(* Let $F\in\mathbb C[x,y,s,t]$ be a polynomial of degree $d$ that is not Cartesian. Then there are at most $d^2$ points $q=(s_q,t_q)\in\mathbb C^2$ for which $C_q=\mathbb C^2$, where $C_q=\{(x,y)\in\mathbb C^2: F(x,y,s_q,t_q)=0\}$.
   Context: $F\in\mathbb C[x,y,s,t]$ is Cartesian if there exist $G\in\mathbb C[x,y]\setminus\mathbb C$, $K\in\mathbb C[s,t]\setminus\mathbb C$ and $H,L\in\mathbb C[x,y,s,t]$ with $F=G(x,y)H(x,y,s,t)+K(s,t)L(x,y,s,t)$. *)

(* C := R[i] for R : realType (the real numbers), i.e. the
   complex numbers; polynomials in C[x,y,s,t] are {mpoly C[4]} with variable
   indices x = 0, y = 1, s = 2, t = 3. *)
From HB Require Import structures.
From mathcomp Require Import all_boot all_algebra.
From mathcomp Require Import reals complex.
From mathcomp Require Import mpoly.
Set Implicit Arguments. Unset Strict Implicit. Unset Printing Implicit Defensive.
Import GRing.Theory Num.Theory.
Local Open Scope ring_scope.

Section Defs.
Variable K : ringType.

Definition ix : 'I_4 := @Ordinal 4 0 isT.
Definition iy : 'I_4 := @Ordinal 4 1 isT.
Definition is_ : 'I_4 := @Ordinal 4 2 isT.
Definition it : 'I_4 := @Ordinal 4 3 isT.

Definition embed_xy (G : {mpoly K[2]}) : {mpoly K[4]} :=
  G \mPo [tuple 'X_ix; 'X_iy].
Definition embed_st (G : {mpoly K[2]}) : {mpoly K[4]} :=
  G \mPo [tuple 'X_is_; 'X_it].

(* total degree of a polynomial (msize = 1 + degree, 0 for the zero poly) *)
Definition tdeg n (F : {mpoly K[n]}) : nat := (msize F).-1.

Definition nonconst n (G : {mpoly K[n]}) : Prop := forall c : K, G <> c%:MP.

Definition cartesian (F : {mpoly K[4]}) : Prop :=
  exists (G Kp : {mpoly K[2]}) (H L : {mpoly K[4]}),
    nonconst G /\ nonconst Kp /\ F = embed_xy G * H + embed_st Kp * L.

Definition ev4 (F : {mpoly K[4]}) (x y s t : K) : K :=
  F.@[tnth [tuple x; y; s; t]].

End Defs.

From HB Require Import structures.
From mathcomp Require Import all_boot all_algebra.
From mathcomp Require Import reals complex.
From mathcomp Require Import mpoly.
From mathcomp Require Import perm zify ring.
From Stdlib Require Import Classical.
Set Implicit Arguments. Unset Strict Implicit. Unset Printing Implicit Defensive.
Import GRing.Theory Num.Theory.
Local Open Scope ring_scope.

(* C_q = C^2 exactly when q is a common zero of the coefficients f_ab(s, t) of F viewed
   as a polynomial in x and y.  A nonconstant common factor h of the f_ab would give the
   Cartesian decomposition F = x * 0 + h * L, so when F is not Cartesian these curves of
   degree at most d, not all zero, have no common component, and Bezout's bound for such a
   family gives at most d^2 common zeros.  The bound is proved by induction on the family:
   two coprime curves of degrees m and n are sheared so that their common zeros have
   distinct first coordinates, which are then distinct roots of the resultant, a polynomial
   of degree at most m n; a curve f sharing a component h with the next member of the
   family is split as f = k h, and the zeros of h and of k are counted separately. *)

Lemma rmorph_mmap n (R S T : nzRingType) (f : R -> S) (h : 'I_n -> S)
    (phi : {rmorphism S -> T}) (p : {mpoly R[n]}) :
  phi (mmap f h p) = mmap (phi \o f) (phi \o h) p.
Proof.
rewrite /mmap rmorph_sum; apply: eq_bigr => m _.
rewrite rmorphM /mmap1 rmorph_prod /=; congr (_ * _).
by apply: eq_bigr => i _; rewrite rmorphXn.
Qed.

Lemma eq_mmap n (R S : nzRingType) (f1 f2 : R -> S) (h1 h2 : 'I_n -> S)
    (p : {mpoly R[n]}) :
  f1 =1 f2 -> h1 =1 h2 -> mmap f1 h1 p = mmap f2 h2 p.
Proof.
move=> ef eh; rewrite /mmap; apply: eq_bigr => m _.
by rewrite ef (mmap1_eq _ eh).
Qed.

Lemma mpoly_rmorph_id n (R : comNzRingType)
    (phi : {rmorphism {mpoly R[n]} -> {mpoly R[n]}}) :
  (forall c, phi c%:MP = c%:MP) -> (forall i, phi 'X_i = 'X_i) -> phi =1 id.
Proof.
move=> hC hX p; rewrite [in RHS](mpolyE p) [in LHS](mpolyE p) rmorph_sum.
apply: eq_bigr => m _; rewrite -mul_mpolyC rmorphM hC mpolyXE_id rmorph_prod.
by congr (_ * _); apply: eq_bigr => i _; rewrite rmorphXn hX.
Qed.

Lemma horner_map_polyC_X (R : comNzRingType) (r : {poly R}) :
  (map_poly polyC r).['X] = r.
Proof.
rewrite horner_coef size_map_polyC -[r in RHS]coefK poly_def.
by apply: eq_bigr => i _; rewrite coef_map /= mul_polyC.
Qed.

Section InfiniteField.
Variable K : numClosedFieldType.

Lemma exists_nonroot (p : {poly K}) : p != 0 -> exists x, ~~ root p x.
Proof.
move=> nz_p; pose xs := [seq i%:R | i <- iota 0 (size p)] : seq K.
have uniq_xs : uniq xs.
  by rewrite map_inj_uniq ?iota_uniq // => i j /eqP; rewrite eqr_nat => /eqP.
have : ~~ all (root p) xs.
  apply/negP => roots_xs; have := max_poly_roots nz_p roots_xs uniq_xs.
  by rewrite size_map size_iota ltnn.
by case/allPn => x _ hx; exists x.
Qed.

Lemma poly_fun_eq0 (p : {poly K}) : (forall x, p.[x] = 0) -> p = 0.
Proof.
move=> p0; apply/eqP; apply: contraT => /exists_nonroot [x].
by rewrite /root p0 eqxx.
Qed.

End InfiniteField.

Section Bivariate.
Variable K : numClosedFieldType.
Local Notation P2 := {poly {poly K}}.

Definition primitiveXY (r : P2) := forall a : K, map_poly (horner_eval a) r != 0.

Lemma coefs_root_factor (k : P2) a : map_poly (horner_eval a) k = 0 ->
  exists k1 : P2, k = ('X - a%:P) *: k1.
Proof.
move=> ka0; exists (\poly_(i < size k) (k`_i %/ ('X - a%:P))).
apply/polyP => i; rewrite coefZ coef_poly.
case: ltnP => lt_i; last by rewrite mulr0; apply/(leq_sizeP _ _ (leqnn _)).
have : (map_poly (horner_eval a) k)`_i = 0 by rewrite ka0 coef0.
rewrite coef_map /= /horner_eval => /eqP ki_a.
have XsubC_dvd : ('X - a%:P) %| k`_i by rewrite dvdp_XsubCl.
by rewrite mulrC divpK.
Qed.

Lemma primitiveXY_decomp (r : P2) : r != 0 ->
  exists e r', [/\ r = e *: r', primitiveXY r' & size r' = size r].
Proof.
move: {2}(size (lead_coef r)) (leqnn (size (lead_coef r))) => n.
elim: n r => [|n IH] r hs nz_r.
  by move: hs; rewrite leqn0 size_poly_eq0 lead_coef_eq0 (negPf nz_r).
have [prim_r|] := classic (primitiveXY r); first by exists 1, r; rewrite scale1r.
move=> /not_all_ex_not [a /negP]; rewrite negbK => /eqP /coefs_root_factor [r1 def_r].
have nzX : ('X - a%:P : {poly K}) != 0 by rewrite polyXsubC_eq0.
have nz_r1 : r1 != 0 by apply: contra nz_r; rewrite def_r => /eqP ->; rewrite scaler0.
have [|e [r' [def_r1 prim_r' size_r']]] := IH r1 _ nz_r1.
  by move: hs; rewrite def_r lead_coefZ size_mul ?lead_coef_eq0 // size_XsubC.
exists (('X - a%:P) * e), r'; split => //; first by rewrite def_r def_r1 scalerA.
by rewrite size_r' def_r size_scale.
Qed.

Lemma primitiveXY_gauss (c : {poly K}) (f k r : P2) :
  c != 0 -> primitiveXY r -> c *: f = k * r -> exists k', f = k' * r.
Proof.
move: {2}(size c) (leqnn (size c)) => n.
elim: n c k => [|n IH] c k hs nz_c prim_r def_cf.
  by move: hs; rewrite leqn0 size_poly_eq0 (negPf nz_c).
have [c_const|] := eqVneq (size c) 1%N.
  have c_unit : c \is a GRing.unit.
    rewrite poly_unitE c_const eqxx /= unitfE.
    by have := nz_c; rewrite -lead_coef_eq0 lead_coefE c_const.
  by exists (c^-1 *: k); rewrite -scalerAl -def_cf scalerA mulVr ?scale1r.
move=> /closed_rootP [a /factor_theorem [c1 def_c]].
have nz_c1 : c1 != 0 by apply: contra nz_c; rewrite def_c => /eqP ->; rewrite mul0r.
have k_a0 : map_poly (horner_eval a) k = 0.
  have := congr1 (map_poly (horner_eval a)) def_cf.
  rewrite -mul_polyC !rmorphM /= map_polyC /= /horner_eval def_c hornerM.
  rewrite hornerXsubC subrr mulr0 mul0r => /esym /eqP.
  by rewrite mulf_eq0 (negPf (prim_r a)) orbF => /eqP.
have [k1 def_k] := coefs_root_factor k_a0.
apply: (IH c1 k1) => //.
  by move: hs; rewrite def_c size_mul ?polyXsubC_eq0 // size_XsubC addn2.
have /mulfI : (('X - a%:P)%:P : P2) != 0 by rewrite polyC_eq0 polyXsubC_eq0.
by apply; rewrite !mul_polyC scalerA mulrC -def_c def_cf def_k scalerAl.
Qed.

------------------------------------

Directions
From the entries above, extract only the lines running from the one containing "have c_unit : c \is a GRing.unit." through the one containing "apply: (IH c1 k1) => //.", inclusive.

Solution to the exercise
  have c_unit : c \is a GRing.unit.
    rewrite poly_unitE c_const eqxx /= unitfE.
    by have := nz_c; rewrite -lead_coef_eq0 lead_coefE c_const.
  by exists (c^-1 *: k); rewrite -scalerAl -def_cf scalerA mulVr ?scale1r.
move=> /closed_rootP [a /factor_theorem [c1 def_c]].
have nz_c1 : c1 != 0 by apply: contra nz_c; rewrite def_c => /eqP ->; rewrite mul0r.
have k_a0 : map_poly (horner_eval a) k = 0.
  have := congr1 (map_poly (horner_eval a)) def_cf.
  rewrite -mul_polyC !rmorphM /= map_polyC /= /horner_eval def_c hornerM.
  rewrite hornerXsubC subrr mulr0 mul0r => /esym /eqP.
  by rewrite mulf_eq0 (negPf (prim_r a)) orbF => /eqP.
have [k1 def_k] := coefs_root_factor k_a0.
apply: (IH c1 k1) => //.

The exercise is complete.